(* Let $G$ and $H$ be graphs with $|V(G)|=4$ and $|V(H)|=3$. Then the join $G+H$ is not of class $\mathcal C_0$.
   Context: All graphs are finite, simple and undirected. The join $G+H$ is obtained from vertex-disjoint copies of $G$ and $H$ by adding all edges between $V(G)$ and $V(H)$. A drawing is 1-planar if each edge is crossed at most once (adjacent edges never cross, no edge crosses itself); a graph is 1-planar if it has such a drawing. For a 1-planar drawing $D$, $D^\times$ is the plane graph obtained by turning each crossing into a new degree-4 vertex (a false vertex); $N_{D^\times}(c)$ is the neighbour set of a false vertex $c$. A 1-planar graph is of class $\mathcal C_0$ if it has a 1-planar drawing $D$ with $|N_{D^\times}(c_1)\cap N_{D^\times}(c_2)|=0$ for all distinct false vertices $c_1,c_2$. *)

From mathcomp Require Import all_boot.
From mathcomp Require Import fingroup perm.
Set Implicit Arguments. Unset Strict Implicit. Unset Printing Implicit Defensive.

Definition simple_graph (T : finType) (e : rel T) : Prop :=
  symmetric e /\ irreflexive e.

Definition join (T1 T2 : finType) (g : rel T1) (h : rel T2) : rel (T1 + T2) :=
  fun x y => match x, y with
  | inl a, inl b => g a b
  | inr a, inr b => h a b
  | _, _ => true
  end.

Notation darts P := {p | P p.1 p.2}.

(* (sigma, alpha) is a combinatorial map of the graph P whose faces are the
   orbits of sigma \o alpha, and it has genus 0 (Euler's formula holds
   component-wise: V - E + F = 2c - #isolated vertices).
   By the Heffter-Edmonds-Ringel rotation principle these are exactly the
   plane embeddings of P up to homeomorphism. *)
Definition plane_map (V : finType) (P : rel V) (sigma alpha : {perm darts P}) : Prop :=
  [/\ (forall d : darts P, (val (alpha d)).1 = (val d).2 /\ (val (alpha d)).2 = (val d).1),
      (forall d : darts P, (val (sigma d)).1 = (val d).1),
      (forall d d' : darts P, (val d).1 = (val d').1 -> fconnect sigma d d')
    & 2 * (#|V| + fcard (sigma \o alpha) predT + #|[pred v : V | [forall w, ~~ P v w]]|)
      = #|{: darts P}| + 4 * n_comp (connect P) predT].

Section OnePlanar.
Variables (T : finType) (e : rel T).

Definition ends4 (q : (T * T) * (T * T)) : seq T := [:: q.1.1; q.1.2; q.2.1; q.2.2].
Definition slot (q : (T * T) * (T * T)) (s : bool) : T * T := if s then q.1 else q.2.
Definition same_edge (p q : T * T) : bool :=
  ((p.1 == q.1) && (p.2 == q.2)) || ((p.1 == q.2) && (p.2 == q.1)).

(* k crossings; each crosses two edges of e with 4 distinct endpoints
   (adjacent edges never cross, no self-crossing), and every edge is crossed
   at most once. *)
Definition crossings_ok (k : nat) (cr : 'I_k -> (T * T) * (T * T)) : Prop :=
  (forall i, [/\ e (cr i).1.1 (cr i).1.2, e (cr i).2.1 (cr i).2.2 & uniq (ends4 (cr i))]) /\
  (forall i j (s t : bool), same_edge (slot (cr i) s) (slot (cr j) t) -> i = j /\ s = t).

Definition crossed (k : nat) (cr : 'I_k -> (T * T) * (T * T)) (u v : T) : bool :=
  [exists i, same_edge (u, v) (cr i).1 || same_edge (u, v) (cr i).2].

(* The planarization D^x: original vertices plus one false vertex per crossing. *)
Definition planarization (k : nat) (cr : 'I_k -> (T * T) * (T * T)) : rel (T + 'I_k) :=
  fun x y => match x, y with
  | inl u, inl v => e u v && ~~ crossed cr u v
  | inl u, inr i => u \in ends4 (cr i)
  | inr i, inl u => u \in ends4 (cr i)
  | inr _, inr _ => false
  end.

(* A 1-planar drawing: crossings, plus a plane embedding of the planarization
   in which the two edges genuinely cross at each false vertex (opposite in
   the rotation). *)
Definition one_planar_drawing (k : nat) (cr : 'I_k -> (T * T) * (T * T))
  (sigma alpha : {perm darts (planarization cr)}) : Prop :=
  [/\ crossings_ok cr, plane_map sigma alpha &
      forall (i : 'I_k) (d : darts (planarization cr)),
        (val d).1 = inr i -> (val d).2 = inl (cr i).1.1 ->
        (val (sigma (sigma d))).2 = inl (cr i).1.2].

(* N_{D^x}(c) for the false vertex of crossing i is ends4 (cr i). *)
Definition class_C0 : Prop :=
  exists (k : nat) (cr : 'I_k -> (T * T) * (T * T))
         (sigma alpha : {perm darts (planarization cr)}),
    one_planar_drawing sigma alpha /\
    (forall i j : 'I_k, i != j -> [disjoint ends4 (cr i) & ends4 (cr j)]).

End OnePlanar.

From mathcomp Require Import all_boot fingroup perm zify.
Set Implicit Arguments. Unset Strict Implicit. Unset Printing Implicit Defensive.

(* A C0 drawing has pairwise disjoint crossings of four distinct vertices
   each, so a drawing of G + H (7 vertices) has at most one crossing.  Colour
   V(G) and V(H) differently.  Every face of the planarization has length at
   least 3, hence by Euler's formula at most 4|V| - 8 darts avoid any set of
   darts meeting all triangular faces: 20 without a crossing, 24 with one.
   The monochromatic darts, together with one dart leaving the false vertex in
   each triangle through it, form such a set.  The darts avoiding it include
   the uncrossed bichromatic pairs of K_{4,3} and the 4 darts into the false
   vertex, and the rotation at the crossing yields one more dart leaving the
   false vertex: at least 24, resp. 25, darts, a contradiction. *)


Local Notation order := fingraph.order.

Section OrbitCount.
Variables (T : finType) (f : T -> T).
Hypothesis f_inj : injective f.

Lemma order_f x : order f (f x) = order f x.
Proof. by apply/esym/eq_card; exact: same_fconnect1 f_inj x. Qed.

Lemma fcard_mul_order_le n (a : {pred T}) :
  fclosed f a -> {in a, forall x, n <= order f x} -> fcard f a * n <= #|a|.
Proof.
move=> cl_a a_n; have symf := fconnect_sym f_inj.
set b := [predI froots f & a]; rewrite /n_comp_mem -/b -(card_ord n) -cardX.
pose it (p : T * 'I_n) := iter p.2 f p.1.
rewrite -(card_in_image (f := it)); last first.
  move=> [r i] [r' j] /andP[/andP[/eqP /= rr ar] _] /andP[/andP[/eqP /= rr' _] _].
  rewrite /it /= => Eit.
  have Err' : r = r'.
    by rewrite -rr -rr' (rootP symf (fconnect_iter f i r)) Eit -(rootP symf (fconnect_iter f j r')).
  subst r'; congr (_, _); apply: ord_inj.
  have lt_n k : k < n -> k < order f r by move=> ltk; exact: leq_trans ltk (a_n r ar).
  by rewrite -(findex_iter (lt_n _ (ltn_ord i))) Eit findex_iter ?lt_n.
apply: subset_leq_card; apply/subsetP => _ /imageP[[r i] /andP[/andP[_ ar] _] ->].
by rewrite /it /= -(closed_connect cl_a (fconnect_iter f i r)).
Qed.

End OrbitCount.

Section PlaneMapFaces.
Variables (V : finType) (P : rel V) (sigma alpha : {perm darts P}).
Hypotheses (pm : plane_map sigma alpha) (P_sym : symmetric P) (P_irr : irreflexive P).
Hypothesis P_no_leaf : forall x y, P x y -> exists2 z, P x z & z != y.

Local Notation phi := (sigma \o alpha).

Lemma phi_inj : injective phi.
Proof. by apply: inj_comp; apply: perm_inj. Qed.

Lemma alpha_val d : val (alpha d) = ((val d).2, (val d).1).
Proof. by case: pm => alpha_rev _ _ _; case: (alpha_rev d) => <- <-; case: (val _). Qed.

Lemma src_phi d : (val (phi d)).1 = (val d).2.
Proof. by case: pm => _ sigma_src _ _; rewrite /= sigma_src alpha_val. Qed.

(* A face of length 1 would be a loop; a face of length 2 would make [alpha d]
   a fixed point of sigma, i.e. its source would have degree 1. *)
Lemma order_phi_ge3 d : 3 <= order phi d.
Proof.
case: pm => _ sigma_src sigma_trans _.
case: (leqP 3 (order phi d)) => // lt3.
have [o1 | o2] : order phi d = 1 \/ order phi d = 2.
- by have := fingraph.order_gt0 phi d; lia.
- have := iter_order phi_inj d; rewrite o1 /= => E.
  have := src_phi d; rewrite /= E => loop_d.
  by have := valP d; rewrite /= loop_d P_irr.
have := iter_order phi_inj d; rewrite o2 /= => E2.
pose a := alpha d.
have Ea : val (phi d) = val a.
  rewrite [LHS]surjective_pairing alpha_val src_phi.
  by have := src_phi (phi d); rewrite /= E2 => ->.
have sigma_a : sigma a = a by apply: val_inj; rewrite -Ea.
have [z Pz /negP[]] := P_no_leaf (valP a).
pose d' : darts P := exist _ ((val a).1, z) Pz.
have /iter_findex := sigma_trans a d' erefl; rewrite iter_fix // => ->.
by case: (val a).
Qed.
· · · · · · ·
Your instructions >>
For every line of the material above that contains the word "formula", show the line.

Written solution >>
   orbits of sigma \o alpha, and it has genus 0 (Euler's formula holds
   least 3, hence by Euler's formula at most 4|V| - 8 darts avoid any set of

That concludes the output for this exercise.